→ Exercise goal:
All entries below are to be retyped in full, precisely as they appear.

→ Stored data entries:

********

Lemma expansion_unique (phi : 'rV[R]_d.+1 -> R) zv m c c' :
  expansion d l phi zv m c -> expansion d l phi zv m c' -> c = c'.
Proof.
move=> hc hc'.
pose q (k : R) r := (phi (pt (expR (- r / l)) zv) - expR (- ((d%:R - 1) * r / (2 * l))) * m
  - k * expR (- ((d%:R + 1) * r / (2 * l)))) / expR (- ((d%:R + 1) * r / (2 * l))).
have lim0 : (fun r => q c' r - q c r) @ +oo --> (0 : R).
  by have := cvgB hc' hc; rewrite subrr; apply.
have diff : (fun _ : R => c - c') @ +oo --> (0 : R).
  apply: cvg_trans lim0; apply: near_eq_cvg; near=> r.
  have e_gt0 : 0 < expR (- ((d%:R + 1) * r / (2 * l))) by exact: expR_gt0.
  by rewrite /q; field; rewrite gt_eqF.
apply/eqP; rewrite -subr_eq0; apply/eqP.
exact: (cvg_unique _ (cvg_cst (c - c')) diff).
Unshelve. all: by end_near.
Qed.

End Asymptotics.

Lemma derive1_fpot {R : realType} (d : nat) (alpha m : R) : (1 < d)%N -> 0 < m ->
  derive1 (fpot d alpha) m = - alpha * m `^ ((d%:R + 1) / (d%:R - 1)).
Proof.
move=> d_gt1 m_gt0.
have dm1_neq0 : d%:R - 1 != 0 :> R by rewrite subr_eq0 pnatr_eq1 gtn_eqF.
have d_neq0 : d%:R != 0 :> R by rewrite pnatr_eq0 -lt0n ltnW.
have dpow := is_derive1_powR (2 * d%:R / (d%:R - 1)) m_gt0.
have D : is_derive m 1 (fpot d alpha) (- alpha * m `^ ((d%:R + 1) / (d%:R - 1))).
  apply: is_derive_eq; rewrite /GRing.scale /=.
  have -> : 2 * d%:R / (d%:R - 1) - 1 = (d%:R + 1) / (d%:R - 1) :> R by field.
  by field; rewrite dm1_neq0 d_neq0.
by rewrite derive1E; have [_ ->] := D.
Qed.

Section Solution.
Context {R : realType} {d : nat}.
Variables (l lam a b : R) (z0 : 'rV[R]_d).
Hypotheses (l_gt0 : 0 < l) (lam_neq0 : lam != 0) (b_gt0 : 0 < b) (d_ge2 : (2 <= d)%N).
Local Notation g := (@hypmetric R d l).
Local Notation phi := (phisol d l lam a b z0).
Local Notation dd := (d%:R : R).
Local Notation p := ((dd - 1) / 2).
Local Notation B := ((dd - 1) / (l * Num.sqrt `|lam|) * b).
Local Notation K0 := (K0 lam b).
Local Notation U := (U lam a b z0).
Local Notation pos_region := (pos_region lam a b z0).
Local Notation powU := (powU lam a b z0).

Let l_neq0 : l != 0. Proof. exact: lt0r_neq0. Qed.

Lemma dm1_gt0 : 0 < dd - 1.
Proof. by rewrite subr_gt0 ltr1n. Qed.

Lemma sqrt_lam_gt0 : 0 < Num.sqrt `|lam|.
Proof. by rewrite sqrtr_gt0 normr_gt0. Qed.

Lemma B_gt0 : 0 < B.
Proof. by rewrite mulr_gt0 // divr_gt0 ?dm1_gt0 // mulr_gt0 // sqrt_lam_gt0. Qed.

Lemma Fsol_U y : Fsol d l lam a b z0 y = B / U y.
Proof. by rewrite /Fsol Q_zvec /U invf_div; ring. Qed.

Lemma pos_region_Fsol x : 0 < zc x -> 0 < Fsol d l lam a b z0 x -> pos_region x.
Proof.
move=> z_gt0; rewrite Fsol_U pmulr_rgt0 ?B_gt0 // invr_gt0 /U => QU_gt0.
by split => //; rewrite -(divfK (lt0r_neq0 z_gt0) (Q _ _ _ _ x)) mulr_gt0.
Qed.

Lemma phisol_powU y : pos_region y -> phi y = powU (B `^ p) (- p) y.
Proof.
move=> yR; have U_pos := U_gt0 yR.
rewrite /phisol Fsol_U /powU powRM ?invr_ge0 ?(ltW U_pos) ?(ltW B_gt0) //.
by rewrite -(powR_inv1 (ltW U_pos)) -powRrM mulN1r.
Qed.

********

→ Solution to the exercise:
Lemma expansion_unique (phi : 'rV[R]_d.+1 -> R) zv m c c' :
  expansion d l phi zv m c -> expansion d l phi zv m c' -> c = c'.
Proof.
move=> hc hc'.
pose q (k : R) r := (phi (pt (expR (- r / l)) zv) - expR (- ((d%:R - 1) * r / (2 * l))) * m
  - k * expR (- ((d%:R + 1) * r / (2 * l)))) / expR (- ((d%:R + 1) * r / (2 * l))).
have lim0 : (fun r => q c' r - q c r) @ +oo --> (0 : R).
  by have := cvgB hc' hc; rewrite subrr; apply.
have diff : (fun _ : R => c - c') @ +oo --> (0 : R).
  apply: cvg_trans lim0; apply: near_eq_cvg; near=> r.
  have e_gt0 : 0 < expR (- ((d%:R + 1) * r / (2 * l))) by exact: expR_gt0.
  by rewrite /q; field; rewrite gt_eqF.
apply/eqP; rewrite -subr_eq0; apply/eqP.
exact: (cvg_unique _ (cvg_cst (c - c')) diff).
Unshelve. all: by end_near.
Qed.

End Asymptotics.

Lemma derive1_fpot {R : realType} (d : nat) (alpha m : R) : (1 < d)%N -> 0 < m ->
  derive1 (fpot d alpha) m = - alpha * m `^ ((d%:R + 1) / (d%:R - 1)).
Proof.
move=> d_gt1 m_gt0.
have dm1_neq0 : d%:R - 1 != 0 :> R by rewrite subr_eq0 pnatr_eq1 gtn_eqF.
have d_neq0 : d%:R != 0 :> R by rewrite pnatr_eq0 -lt0n ltnW.
have dpow := is_derive1_powR (2 * d%:R / (d%:R - 1)) m_gt0.
have D : is_derive m 1 (fpot d alpha) (- alpha * m `^ ((d%:R + 1) / (d%:R - 1))).
  apply: is_derive_eq; rewrite /GRing.scale /=.
  have -> : 2 * d%:R / (d%:R - 1) - 1 = (d%:R + 1) / (d%:R - 1) :> R by field.
  by field; rewrite dm1_neq0 d_neq0.
by rewrite derive1E; have [_ ->] := D.
Qed.

Section Solution.
Context {R : realType} {d : nat}.
Variables (l lam a b : R) (z0 : 'rV[R]_d).
Hypotheses (l_gt0 : 0 < l) (lam_neq0 : lam != 0) (b_gt0 : 0 < b) (d_ge2 : (2 <= d)%N).
Local Notation g := (@hypmetric R d l).
Local Notation phi := (phisol d l lam a b z0).
Local Notation dd := (d%:R : R).
Local Notation p := ((dd - 1) / 2).
Local Notation B := ((dd - 1) / (l * Num.sqrt `|lam|) * b).
Local Notation K0 := (K0 lam b).
Local Notation U := (U lam a b z0).
Local Notation pos_region := (pos_region lam a b z0).
Local Notation powU := (powU lam a b z0).

Let l_neq0 : l != 0. Proof. exact: lt0r_neq0. Qed.

Lemma dm1_gt0 : 0 < dd - 1.
Proof. by rewrite subr_gt0 ltr1n. Qed.

Lemma sqrt_lam_gt0 : 0 < Num.sqrt `|lam|.
Proof. by rewrite sqrtr_gt0 normr_gt0. Qed.

Lemma B_gt0 : 0 < B.
Proof. by rewrite mulr_gt0 // divr_gt0 ?dm1_gt0 // mulr_gt0 // sqrt_lam_gt0. Qed.

Lemma Fsol_U y : Fsol d l lam a b z0 y = B / U y.
Proof. by rewrite /Fsol Q_zvec /U invf_div; ring. Qed.

Lemma pos_region_Fsol x : 0 < zc x -> 0 < Fsol d l lam a b z0 x -> pos_region x.
Proof.
move=> z_gt0; rewrite Fsol_U pmulr_rgt0 ?B_gt0 // invr_gt0 /U => QU_gt0.
by split => //; rewrite -(divfK (lt0r_neq0 z_gt0) (Q _ _ _ _ x)) mulr_gt0.
Qed.

Lemma phisol_powU y : pos_region y -> phi y = powU (B `^ p) (- p) y.
Proof.
move=> yR; have U_pos := U_gt0 yR.
rewrite /phisol Fsol_U /powU powRM ?invr_ge0 ?(ltW U_pos) ?(ltW B_gt0) //.
by rewrite -(powR_inv1 (ltW U_pos)) -powRrM mulN1r.
Qed.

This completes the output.